**Problem description**
The span to be transcribed begins with the line that contains "GRing.Theory Num.Theory numFieldNormedType.Exports." and ends with the last line of the listing; copy it exactly and include nothing else.
"""
(* In the setting described in the context, let $(x_1,L_1),(x_2,L_2),(x_3,L_3)\in\mathcal E_\varphi$ with $x_1,x_2,x_3$ pairwise distinct and $L_1,L_2,L_3$ pairwise transverse. Then $\beta_n(L_1,L_2,L_3)=n\beta_1(x_1,x_2,x_3)$.
   Context: $V$ real symplectic of dimension $2n$, $\mathcal L(V)$ its Lagrangian Grassmannian, $\Gamma<\mathrm{PU}(1,1)$ a torsion-free cocompact lattice acting on $\mathbb S^1=\partial\mathcal D_{1,1}$, $\rho:\Gamma\to\mathrm{Sp}(V)$ a homomorphism, and $\varphi:\mathbb S^1\to\mathcal L(V)$ a $\rho$-equivariant measurable map such that (i) $\beta_n(\varphi(x),\varphi(y),\varphi(z))=n\beta_1(x,y,z)$ for Lebesgue-a.e. $(x,y,z)$, and (ii) for every $L\in\mathcal L(V)$ the set of $x$ with $\varphi(x)\cap L\neq0$ has Lebesgue measure zero. Here $\beta_n(L_1,L_2,L_3)$ is the signature of $(x_1,x_2,x_3)\mapsto\langle x_1,x_2\rangle+\langle x_2,x_3\rangle+\langle x_3,x_1\rangle$ on $L_1\oplus L_2\oplus L_3$, and $\beta_1(x,y,z)=\pm1$ for pairwise distinct positively/negatively cyclically ordered triples in $\mathbb S^1$, $0$ otherwise. The essential graph $\mathcal E_\varphi\subset\mathbb S^1\times\mathcal L(V)$ is the support of the pushforward of Lebesgue measure under $x\mapsto(x,\varphi(x))$. *)

From HB Require Import structures.
From mathcomp Require Import all_boot all_order all_algebra.
From mathcomp Require Import all_classical all_reals all_analysis.
From mathcomp Require Import complex.

Set Implicit Arguments.
Unset Strict Implicit.
Unset Printing Implicit Defensive.

Import Order.TTheory GRing.Theory Num.Theory.
Local Open Scope ring_scope.
Local Open Scope classical_set_scope.

(* A point of S^1 is  pt t = e^{it}  (t : R, taken modulo 2 pi).        *)

Definition pt (R : realType) (t : R) : R[i] := (cos t +i* sin t)%C.

Definition cdist2 (R : realType) (z w : R[i]) : R :=
  let: Complex a b := (z - w)%R in a ^+ 2 + b ^+ 2.

Definition angmod (R : realType) (t : R) : R :=
  t - 2 * pi * (Num.floor (t / (2 * pi)))%:~R.

(* beta_1 (x,y,z) = +1 / -1 for pairwise distinct positively (counter-
   clockwise) / negatively cyclically ordered triples, 0 otherwise.    *)
Definition beta1 (R : realType) (t1 t2 t3 : R) : int :=
  if [&& pt t1 != pt t2, pt t2 != pt t3 & pt t1 != pt t3] then
    (if angmod (t2 - t1) < angmod (t3 - t1) then 1 else -1)
  else 0.

(* PU(1,1) = SU(1,1)/{+-1} acting on S^1 by Moebius transformations.   *)
(* A subgroup Gamma < PU(1,1) is represented by its preimage G in       *)
(* SU(1,1) (a subgroup containing -1).                                 *)

Definition Jh (R : realType) : 'M[R[i]]_2 :=
  \matrix_(i < 2, j < 2) (if i == j then (if i == 0 then 1 else -1) else 0).

Definition adjc (R : realType) (g : 'M[R[i]]_2) : 'M[R[i]]_2 :=
  (map_mx (@conjc R) g)^T.

Definition SU11 (R : realType) (g : 'M[R[i]]_2) : Prop :=
  adjc g *m Jh R *m g = Jh R /\ \det g = 1.

Definition mob (R : realType) (g : 'M[R[i]]_2) (z : R[i]) : R[i] :=
  (g 0 0 * z + g 0 1) / (g 1 0 * z + g 1 1).

Definition cmxdist2 (R : realType) (g h : 'M[R[i]]_2) : R :=
  \sum_(i < 2) \sum_(j < 2) cdist2 (g i j) (h i j).

Definition torsionfree_cocompact_lattice_PU11 (R : realType)
    (G : set 'M[R[i]]_2) : Prop :=
  (forall g, G g -> SU11 g) /\ G 1 /\ G (-1) /\
  (forall g h, G g -> G h -> G (g * h)) /\
  (forall g, G g -> G (invmx g)) /\
  (exists2 e : R, 0 < e & forall g, G g -> cmxdist2 g 1 < e -> g = 1) /\
  (forall g k, G g -> (0 < k)%N -> (g ^+ k = 1 \/ g ^+ k = -1) ->
               g = 1 \/ g = -1) /\
  (* cocompact: SU(1,1) = G K with K a bounded (relatively compact) set *)
  (exists M : R, forall h, SU11 h ->
     exists g, exists k, [/\ G g, SU11 k, cmxdist2 k 0 <= M & h = g * k]).

Definition symplectic_form (R : realType) (n : nat) (Om : 'M[R]_(n + n)) : Prop :=
  Om^T = - Om /\ Om \in unitmx.

Definition omega (R : realType) (n : nat) (Om : 'M[R]_(n + n))
    (u v : 'rV[R]_(n + n)) : R := (u *m Om *m v^T) 0 0.

(* Sp(V): g acts on row vectors by u |-> u g^T *)
Definition Sp (R : realType) (n : nat) (Om : 'M[R]_(n + n)) (g : 'M[R]_(n + n)) : Prop :=
  g^T *m Om *m g = Om.

(* A Lagrangian L in L(V) is represented by the orthogonal projection P onto
   it (row space of P = L); the topology of L(V) is the one induced by
   P |-> P (Grassmannian topology). *)
Definition lagproj (R : realType) (n : nat) (Om : 'M[R]_(n + n)) (P : 'M[R]_(n + n)) : Prop :=
  [/\ P^T = P, P *m P = P, \rank P = n & P *m Om *m P^T = 0].

Definition transverse (R : realType) (m : nat) (P Q : 'M[R]_m) : Prop :=
  \rank (P :&: Q)%MS = 0%N.

Definition mxdist (R : realType) (m : nat) (P Q : 'M[R]_m) : R :=
  \sum_(i < m) \sum_(j < m) `|P i j - Q i j|.

Definition posdef_on (R : realType) (N k : nat) (q : 'rV[R]_N -> R)
    (W : 'M[R]_N) (B : 'M[R]_(k, N)) : Prop :=
  [/\ row_free B, (B <= W)%MS &
      forall v : 'rV[R]_k, v != 0 -> 0 < q (v *m B)].

Definition posidx (R : realType) (N : nat) (q : 'rV[R]_N -> R) (W : 'M[R]_N) : nat :=
  (\max_(k < N.+1 | `[< exists B : 'M[R]_(k, N), posdef_on q W B >]) k)%N.

Definition signature (R : realType) (N : nat) (q : 'rV[R]_N -> R) (W : 'M[R]_N) : int :=
  (posidx q W)%:Z - (posidx (fun v => - q v) W)%:Z.

Definition maslov_form (R : realType) (n : nat) (Om : 'M[R]_(n + n))
    (w : 'rV[R]_((n + n) + ((n + n) + (n + n)))) : R :=
  let x1 := lsubmx w in
  let x2 := lsubmx (rsubmx w) in
  let x3 := rsubmx (rsubmx w) in
  omega Om x1 x2 + omega Om x2 x3 + omega Om x3 x1.

Definition betan (R : realType) (n : nat) (Om : 'M[R]_(n + n))
    (P1 P2 P3 : 'M[R]_(n + n)) : int :=
  signature (maslov_form Om) (block_mx P1 0 0 (block_mx P2 0 0 P3)).

Definition lam (R : realType) := @lebesgue_measure R.
Arguments lam R : clear implicits.

(* phi : S^1 -> L(V), given as a 2pi-periodic function of the angle *)
Definition measurable_lagmap (R : realType) (m : nat) (phi : R -> 'M[R]_m) : Prop :=
  forall i j, measurable_fun setT (fun t : R => phi t i j).

(* (x, L) belongs to the essential graph of phi, i.e. to the support of
   the push-forward of Lebesgue measure under x |-> (x, phi x) *)
Definition in_essgraph (R : realType) (m : nat) (phi : R -> 'M[R]_m)
    (t0 : R) (P : 'M[R]_m) : Prop :=
  forall e : R, 0 < e ->
    (0 < lam R [set t | (cdist2 (pt t) (pt t0) < e)%R /\ (mxdist (phi t) P < e)%R])%E.

(* For pairwise transverse Lagrangians this form is nondegenerate: a radical vector
   (x1, x2, x3) has x2 - x3 in L1, x3 - x1 in L2 and x1 - x2 in L3, which forces it
   to vanish. The positive and negative indices of a form are lower semicontinuous in
   the subspace and, for a nondegenerate form, add up to its dimension, so [betan] is
   constant near (L1, L2, L3). Likewise [beta1] is the sign of
   sin (t2 - t1) + sin (t3 - t2) + sin (t1 - t3), which is continuous and nonzero at
   distinct points. As the (t_i, L_i) lie in the essential graph, a product of small
   neighbourhoods of them has positive measure and so contains a triple (s1, s2, s3)
   where (i) holds for (phi s1, phi s2, phi s3); both sides of the identity agree
   there with their values at (t_i, L_i). *)

From Pilot Require Import Defs.
From HB Require Import structures.
From mathcomp Require Import all_boot all_order all_algebra.
From mathcomp Require Import all_classical all_reals all_analysis.
From mathcomp Require Import complex measurable_realfun.
From mathcomp Require Import ring lra zify.
Import Order.TTheory GRing.Theory Num.Theory numFieldNormedType.Exports.
Local Open Scope ring_scope.
Local Open Scope classical_set_scope.
Set Implicit Arguments.
Unset Strict Implicit.
Unset Printing Implicit Defensive.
"""
**Your solution**
Import Order.TTheory GRing.Theory Num.Theory numFieldNormedType.Exports.
Local Open Scope ring_scope.
Local Open Scope classical_set_scope.
Set Implicit Arguments.
Unset Strict Implicit.
Unset Printing Implicit Defensive.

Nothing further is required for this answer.